1- What is law of variable proportion? Explain.

Ans: Law of variable proportion is the important law of production. It is the short-run analysis of production. In the short-run, some factors of production are fixed and some are variable. Keeping fixed factors of production constant, as variable factors are increased, the proportion of fixed and variable factors goes on varying.  Therefore, this law is called the law of variable proportion.

Law of variable proportion is also called the law of diminishing returns. It explains the impact of variation of variable factors on production of goods and services, keeping the fixed factors constant. This law is based on the following assumptions.

1-The state of technology is given and constant.

2- Some factors of production are fixed and some are variable.

3- The ratio of fixed and variable factors should be liable to vary.

4- Variable factors are homogeneous.

5- Indivisible fixed factors of production,

According to this law, when the units of a variable factor are increased to the given fixed factor, initially production increases at an increasing rate, thereafter it increases at a decreasing rate and eventually it starts to decline.

This law can be explained by the help of production schedules and figures. Suppose that the fixed factors i.e. land and capital are fixed and only a variable factor, labor is added to increase output as shown in the table.

The production schedule shows that there are three stages of production seen in the short run. They are explained below.










I-Stage (0 to 4th unit of labor)

II-Stage (4th to 5th unit of labor)

III-Stage (5th to 6th unit of labor)

























I-Stage:- TP & AP increase rapidly in this stage.  MP is maximum when the 3rd unit of labor is used and diminishes thereafter. AP is maximum when the 4th unit of labor is used & this stage ends when AP & MP are equal. This stage is called the stage of increasing returns.

Reasons for increasing returns.

1-Enough fixed factors and more use of variable factors leads to efficient use of fixed factors.

2-More use of variable factors increases its own efficiency through  division of labor, such as innovation, specialization etc in production.

II-Stage:- In this stage TP continues to increase at a decreasing rate.  AP & MP both decline. This stage ends when TP is maximum & MP is zero. In this schedule this happens when the 5th unit of labor is used. This stage is called the stage of diminishing returns.

Reasons for diminishing returns.

1-The fixed factors are over utilized and become insufficient. And the variable factors can not substitute the fixed factors.

2-The production declines due to the indivisibility of fixed factors.

III-Stage:- In this stage TP & AP both decline & MP is negative.

Reasons for negative MP

1-Variable factors are overcrowded & disturbs each other.

2-Difficult to coordinate among them by management.

3-Disadvantages of division of labor occurs.

It is seen in the above figure, the TP curve rises at an increasing rate in the beginning  and increases at a diminishing rate after the use of the 4th unit of  variable input. TP declines after the use of 5th units. AP & MP also increase in the beginning & decline after reaching the maximum point. The 4th unit of variable factor AP is maximum. Here AP & MP are equal.

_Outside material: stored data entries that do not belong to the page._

(* For $\mathbf{x}\in\mathcal{B}^\Sigma_{e,n}$, $\mathbf{y}\in\mathcal{B}^\Sigma_{d,m}$ and $\mathbf{v}\in\mathcal{B}^\Sigma_{d,n}$, we have $\Delta(\mathbf{y}\cdot\mathbf{v})=\Delta(\mathbf{y})\cdot\Delta(\mathbf{v})$ and $\Delta(\mathbf{x}*\mathbf{v})=\Delta(\mathbf{x})*\Delta(\mathbf{v})$.
   Context: Let $\mathbf{k}$ be a field of characteristic $0$ and $B=\bigoplus_{d\ge0}B_d$ a commutative graded $\mathbf{k}$-algebra with $B_0=\mathbf{k}$, generated by $B_1$, $\dim B_1<\infty$. Let $\mathcal{B}^\Sigma=\bigoplus_{n,d}\mathcal{B}^\Sigma_{d,n}$ with $\mathcal{B}^\Sigma_{d,n}=(B_d^{\otimes n})^{\Sigma_n}$ ($\Sigma_n$ permuting factors). Product $\cdot$: for $f\in\mathcal{B}^\Sigma_{d,n}$, $g\in\mathcal{B}^\Sigma_{d,m}$, $f\cdot g=\sum_\sigma f\cdot_\sigma g$ where $\sigma$ runs over subsets $\{i_1<\cdots<i_n\}\subseteq[n+m]$ and $f\cdot_\sigma g$ places the factors of $f$ in positions $i_1,\dots,i_n$ and those of $g$ in the complementary positions in order (zero between different $d$). Product $*:\mathcal{B}^\Sigma_{d,n}\otimes\mathcal{B}^\Sigma_{e,n}\to\mathcal{B}^\Sigma_{d+e,n}$ is factorwise multiplication $(u_1\otimes\cdots\otimes u_n)*(v_1\otimes\cdots\otimes v_n)=u_1v_1\otimes\cdots\otimes u_nv_n$ (zero for different $n$). For fixed $d$, $\bigoplus_n\mathcal{B}^\Sigma_{d,n}$ is a free divided power algebra under $\cdot$ generated by $\mathcal{B}^\Sigma_{d,1}=B_d$; $\Delta:\mathcal{B}^\Sigma\to\mathcal{B}^\Sigma\otimes\mathcal{B}^\Sigma$ is the unique $\cdot$-algebra homomorphism with $\Delta(w)=1\otimes w+w\otimes1$ for $w\in\mathcal{B}^\Sigma_{d,1}$ (all $d$). The products $\cdot$ and $*$ are extended to $\mathcal{B}^\Sigma\otimes\mathcal{B}^\Sigma$ componentwise: $(a\otimes b)\cdot(c\otimes e)=(a\cdot c)\otimes(b\cdot e)$ and $(a\otimes b)*(c\otimes e)=(a*c)\otimes(b*e)$. *)

From HB Require Import structures.
From mathcomp Require Import all_boot all_order all_algebra.
Set Implicit Arguments. Unset Strict Implicit. Unset Printing Implicit Defensive.
Import Order.TTheory GRing.Theory.
Local Open Scope ring_scope.

(* The graded algebra B, presented by homogeneous bases and structure        *)
(* constants: B_d has basis indexed by 'I_(gdim d) (each B_d is finite-      *)
(* dimensional since B is generated by the finite-dimensional B_1), and      *)
(* b_i * b_j = \sum_l gmul d e i j l b_l  for b_i in B_d, b_j in B_e.        *)
(* An element of B_d is its coordinate function 'I_(gdim d) -> k.           *)
Record gradedAlg (k : fieldType) := GradedAlg {
  gdim : nat -> nat;
  gmul : forall d e, 'I_(gdim d) -> 'I_(gdim e) -> 'I_(gdim (d + e)%N) -> k
}.

Section GradedAlgDefs.
Variables (k : fieldType) (B : gradedAlg k).

Local Notation I d := ('I_(gdim B d)).

Definition gmulv d e (u : I d -> k) (v : I e -> k) : I (d + e)%N -> k :=
  fun l => \sum_(i : I d) \sum_(j : I e) u i * v j * @gmul _ B _ _ i j l.

Definition std_graded : Prop :=
  [/\
      (forall d e f (u : I d -> k) (v : I e -> k) (w : I f -> k) (l : I (d + e + f)%N),
          gmulv (gmulv u v) w l
          = gmulv u (gmulv v w) (cast_ord (congr1 (gdim B) (esym (addnA d e f))) l)),
      (forall d e (u : I d -> k) (v : I e -> k) (l : I (d + e)%N),
          gmulv u v l = gmulv v u (cast_ord (congr1 (gdim B) (addnC d e)) l)),
      gdim B 0%N = 1%N /\
      (exists one : I 0%N -> k, forall e (v : I e -> k) (l : I e), gmulv one v l = v l)
    & (forall d (z : I d.+1 -> k), exists a : I 1%N -> I d -> k,
          forall l : I d.+1, z l = \sum_(i : I 1%N) \sum_(j : I d) a i j * @gmul _ B _ _ i j l)].

(* Tensor algebra over B_d in coordinates: an element of                    *)
(* \bigoplus_n B_d^{\otimes n} is a finitely supported function on words     *)
(* (sequences of basis indices of B_d); the word w of length n is the       *)
(* coordinate of b_(w_1) (x) ... (x) b_(w_n).  Elements of B_d^{(x) n} are    *)
(* those supported on words of length n, and Sigma_n-invariance means       *)
(* invariance under permutations of the word.                               *)
Definition word d := seq (I d).
Definition sfun d := word d -> k.
Definition sfun2 d := word d -> word d -> k.  (* element of the tensor square *)

Definition finsupp d (x : sfun d) : Prop :=
  exists N : nat, forall w : word d, (N <= size w)%N -> x w = 0.
Definition symm d (x : sfun d) : Prop :=
  forall w w' : word d, perm_eq w w' -> x w = x w'.

Definition inBS d (x : sfun d) : Prop := finsupp x /\ symm x.
Definition inBSn d (n : nat) (x : sfun d) : Prop :=
  symm x /\ forall w : word d, size w != n -> x w = 0.

Definition finsupp2 d (X : sfun2 d) : Prop :=
  exists N : nat, forall w1 w2 : word d, (N <= size w1 + size w2)%N -> X w1 w2 = 0.
Definition symm2 d (X : sfun2 d) : Prop :=
  forall w1 w1' w2 w2' : word d, perm_eq w1 w1' -> perm_eq w2 w2' ->
    X w1 w2 = X w1' w2'.
Definition inBS2 d (X : sfun2 d) : Prop := finsupp2 X /\ symm2 X.

Definition pos_mask N (S : {set 'I_N}) : bitseq := [seq i \in S | i <- enum 'I_N].

(* the product "." : sum over subsets S of positions; x gets the positions
   in S (in increasing order), y the complementary positions *)
Definition dotp d (x y : sfun d) : sfun d :=
  fun w => \sum_(S : {set 'I_(size w)})
             x (mask (pos_mask S) w) * y (mask (pos_mask (~: S)) w).

Definition dotp2 d (X Y : sfun2 d) : sfun2 d :=
  fun w1 w2 => \sum_(S1 : {set 'I_(size w1)}) \sum_(S2 : {set 'I_(size w2)})
     X (mask (pos_mask S1) w1) (mask (pos_mask S2) w2)
     * Y (mask (pos_mask (~: S1)) w1) (mask (pos_mask (~: S2)) w2).

(* coordinate of (b_(u_1) b_(v_1)) (x) ... (x) (b_(u_n) b_(v_n)) on the word w *)
Definition coefprod e d (u : word e) (v : word d) (w : word (e + d)%N) : k :=
  \prod_(t <- zip (zip u v) w) @gmul _ B _ _ t.1.1 t.1.2 t.2.

(* the product "*" : factorwise multiplication (zero for different lengths) *)
Definition star e d (x : sfun e) (v : sfun d) : sfun (e + d)%N :=
  fun w => \sum_(u : (size w).-tuple (I e)) \sum_(u' : (size w).-tuple (I d))
             x u * v u' * coefprod u u' w.

Definition star2 e d (X : sfun2 e) (Y : sfun2 d) : sfun2 (e + d)%N :=
  fun w1 w2 =>
    \sum_(u1 : (size w1).-tuple (I e)) \sum_(u1' : (size w1).-tuple (I d))
    \sum_(u2 : (size w2).-tuple (I e)) \sum_(u2' : (size w2).-tuple (I d))
      X u1 u2 * Y u1' u2' * coefprod u1 u1' w1 * coefprod u2 u2' w2.

Definition one d : sfun d := fun w => (w == [::])%:R.
Definition tens d (x y : sfun d) : sfun2 d := fun w1 w2 => x w1 * y w2.

(* These
   properties determine Delta uniquely (char 0, free divided power algebra). *)
Definition is_Delta (D : forall d, sfun d -> sfun2 d) : Prop :=
  forall d,
  [/\ (forall x : sfun d, inBS x -> inBS2 (D d x)),
      (forall (a : k) (x y : sfun d), inBS x -> inBS y ->
         forall w1 w2, D d (fun w => a * x w + y w) w1 w2
                       = a * D d x w1 w2 + D d y w1 w2),
      (forall x y : sfun d, inBS x -> inBS y ->
         forall w1 w2, D d (dotp x y) w1 w2 = dotp2 (D d x) (D d y) w1 w2),
      (forall w1 w2, D d (@one d) w1 w2 = tens (@one d) (@one d) w1 w2)
    & (forall x : sfun d, inBSn 1%N x ->
         forall w1 w2, D d x w1 w2 = tens (@one d) x w1 w2 + tens x (@one d) w1 w2)].

End GradedAlgDefs.

(* In characteristic 0 the axioms of [is_Delta] force Delta to be the
   deconcatenation coproduct: for x in B^Sigma_{d,n}, the coefficient of
   w1 (x) w2 in Delta x is x (w1 ++ w2).  Indeed a letter b_a acts on symmetric
   tensors by (b_a . z) w = #_a(w) z (w minus one a), so a symmetric x of length
   n+1 equals (n+1)^-1 sum_a b_a . x_a with x_a u = x (a :: u).  Since Delta is
   multiplicative, b_a is primitive and deconcatenation is compatible with left
   multiplication by a primitive letter, induction on n concludes.  The claim
   for "." is then an axiom of Delta, and the claim for "*" holds because the
   coefficient of a factorwise product is multiplicative under concatenation. *)

From Pilot Require Import Defs.
From mathcomp Require Import all_boot all_order all_algebra.
From mathcomp Require Import perm.
From Stdlib Require Import FunctionalExtensionality.
Set Implicit Arguments. Unset Strict Implicit. Unset Printing Implicit Defensive.
Import GRing.Theory.
Local Open Scope ring_scope.

Section PositionMasks.
Variable T : eqType.
Implicit Types (w : seq T).

Lemma mask_pos_mask w (S : {set 'I_(size w)}) :
  mask (pos_mask S) w = [seq tnth (in_tuple w) i | i <- enum S].
Proof.
have Ew : w = map (tnth (in_tuple w)) (enum 'I_(size w)) by rewrite map_tnth_enum.
by rewrite /pos_mask [X in mask _ X]Ew -map_mask -filter_mask enumT.
Qed.

Lemma size_mask_pos_mask w (S : {set 'I_(size w)}) :
  size (mask (pos_mask S) w) = #|S|.
Proof. by rewrite mask_pos_mask size_map cardE. Qed.

Lemma mask_pos_mask1 w (i : 'I_(size w)) :
  mask (pos_mask [set i]) w = [:: tnth (in_tuple w) i].
Proof. by rewrite mask_pos_mask enum_set1. Qed.

Lemma mask_pos_maskC0 w : mask (pos_mask (~: (set0 : {set 'I_(size w)}))) w = w.
Proof. by rewrite mask_pos_mask setC0 enum_setT -enumT map_tnth_enum. Qed.

Lemma perm_mask_pos_maskC w (S : {set 'I_(size w)}) :
  perm_eq w (mask (pos_mask S) w ++ mask (pos_mask (~: S)) w).
Proof.
have Ew : w = map (tnth (in_tuple w)) (enum 'I_(size w)) by rewrite map_tnth_enum.
rewrite !mask_pos_mask -map_cat [X in perm_eq X _]Ew; apply: perm_map.
have -> : enum (~: S) = filter (predC (mem S)) (enum 'I_(size w)).
  by rewrite enumT; apply: eq_filter => i; rewrite /= in_setC.
by rewrite perm_sym enumT perm_filterC.
Qed.

End PositionMasks.

Lemma sum_card1 (R : nmodType) (T : finType) (F : {set T} -> R) :
  (forall S : {set T}, #|S| != 1%N -> F S = 0) ->
  \sum_(S : {set T}) F S = \sum_(x : T) F [set x].
Proof.
move=> F0; rewrite (bigID (fun S : {set T} => #|S| == 1%N)) /= [X in _ + X]big1 ?addr0 //.
rewrite -(big_imset F (in2W set1_inj)) /=; apply: eq_bigl => S.
by apply/cards1P/imsetP => [[x ->]|[x _ ->]]; exists x.
Qed.

Lemma sum_count_mem (T : finType) (s : seq T) : (\sum_(a : T) count_mem a s)%N = size s.
Proof.
rewrite -sum1_size [RHS](partition_big id predT) //=; apply: eq_bigr => a _.
by rewrite sum1_count.
Qed.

When the TP is maximum at the use of the 5th unit, MP is zero & becomes negative thereafter.

2- Which stage of production is preferable?

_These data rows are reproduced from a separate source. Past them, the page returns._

Lemma Derive_n_2_comp_curve (f : pt -> R) (g : R -> pt) a b t :
  C2_fun f -> C2_curve_on a b g -> a < t < b ->
  Derive_n (fun s => f (g s)) 2 t =
    hessian_form f (g t) (velocity g t) + grad_dot f (g t) (acceleration g t).
Proof.
intros (_ & Hf1 & Hf2) Hg Ht.
apply is_derive_unique.
apply is_derive_ext_loc with (fun s => grad_dot f (g s) (velocity g s)).
{ apply (locally_open_interval _ a b t Ht); intros s Hs.
  symmetry; apply is_derive_unique, is_derive_comp_curve;
    [apply Hf1 | intros; apply Hf1 | intros c; apply (Hg c s Hs)]. }
assert (Hp : forall c, is_derive (fun s => partial c f (g s)) t
                         (grad_dot (partial c f) (g t) (velocity g t))).
{ intros c; apply is_derive_comp_curve;
    [apply Hf2 | intros; apply Hf2 | intros d; apply (Hg d t Ht)]. }
assert (Hv : forall c, is_derive (Derive (ccomp g c)) t (Derive_n (ccomp g c) 2 t))
  by (intros c; apply Derive_correct, (Hg c t Ht)).
replace (hessian_form _ _ _ + _) with
  ((grad_dot (partial AX f) (g t) (velocity g t) * Derive (ccomp g AX) t
    + partial AX f (g t) * Derive_n (ccomp g AX) 2 t)
 + (grad_dot (partial AY f) (g t) (velocity g t) * Derive (ccomp g AY) t
    + partial AY f (g t) * Derive_n (ccomp g AY) 2 t)
 + (grad_dot (partial AZ f) (g t) (velocity g t) * Derive (ccomp g AZ) t
    + partial AZ f (g t) * Derive_n (ccomp g AZ) 2 t))
  by (unfold hessian_form, grad_dot; simpl; ring).
apply is_derive_ext with (fun s =>
  partial AX f (g s) * Derive (ccomp g AX) s + partial AY f (g s) * Derive (ccomp g AY) s
  + partial AZ f (g s) * Derive (ccomp g AZ) s); [reflexivity|].
apply (is_derive_plus (K := R_AbsRing) (V := R_NormedModule) (fun s => _ + _));
  [apply (is_derive_plus (K := R_AbsRing) (V := R_NormedModule) (fun s => _))|];
  apply (is_derive_mult (K := R_AbsRing) (fun s => partial _ f (g s)));
  [apply Hp | apply Hv | apply Rmult_comm | apply Hp | apply Hv | apply Rmult_comm
  | apply Hp | apply Hv | apply Rmult_comm].
Qed.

Ans:- There are three stages of production in the short-run but which stage of production is preferable for a rational producer?

It is obvious that in the first stage of production the total product and average product are increasing, marginal product starts to decline but still positive and more than AP. So the rational producer doesn’t want to miss any opportunity for getting more benefit by postponing the production in the first stage. Hence he continues to produce up to the second stage. In the second stage TP is highest, AP is declining and MP is zero. In this stage of production, the producer can utilize his fixed factor to its fullest capacity. Any extra use of variable factors of production after this stage will bring a decline in TP and MP will be negative. It will incur losses for the producer.

So a rational producer always sticks to the second stage of production and maximizes his production and profit. He neither stops his production in the first stage nor he moves to the third stage of production.

It implies that the producer can have maximum possible production at the point where TP is highest and MP is zero. This situation of production lies in the second stage of production. So the rational producer always prefers to stay in the second stage.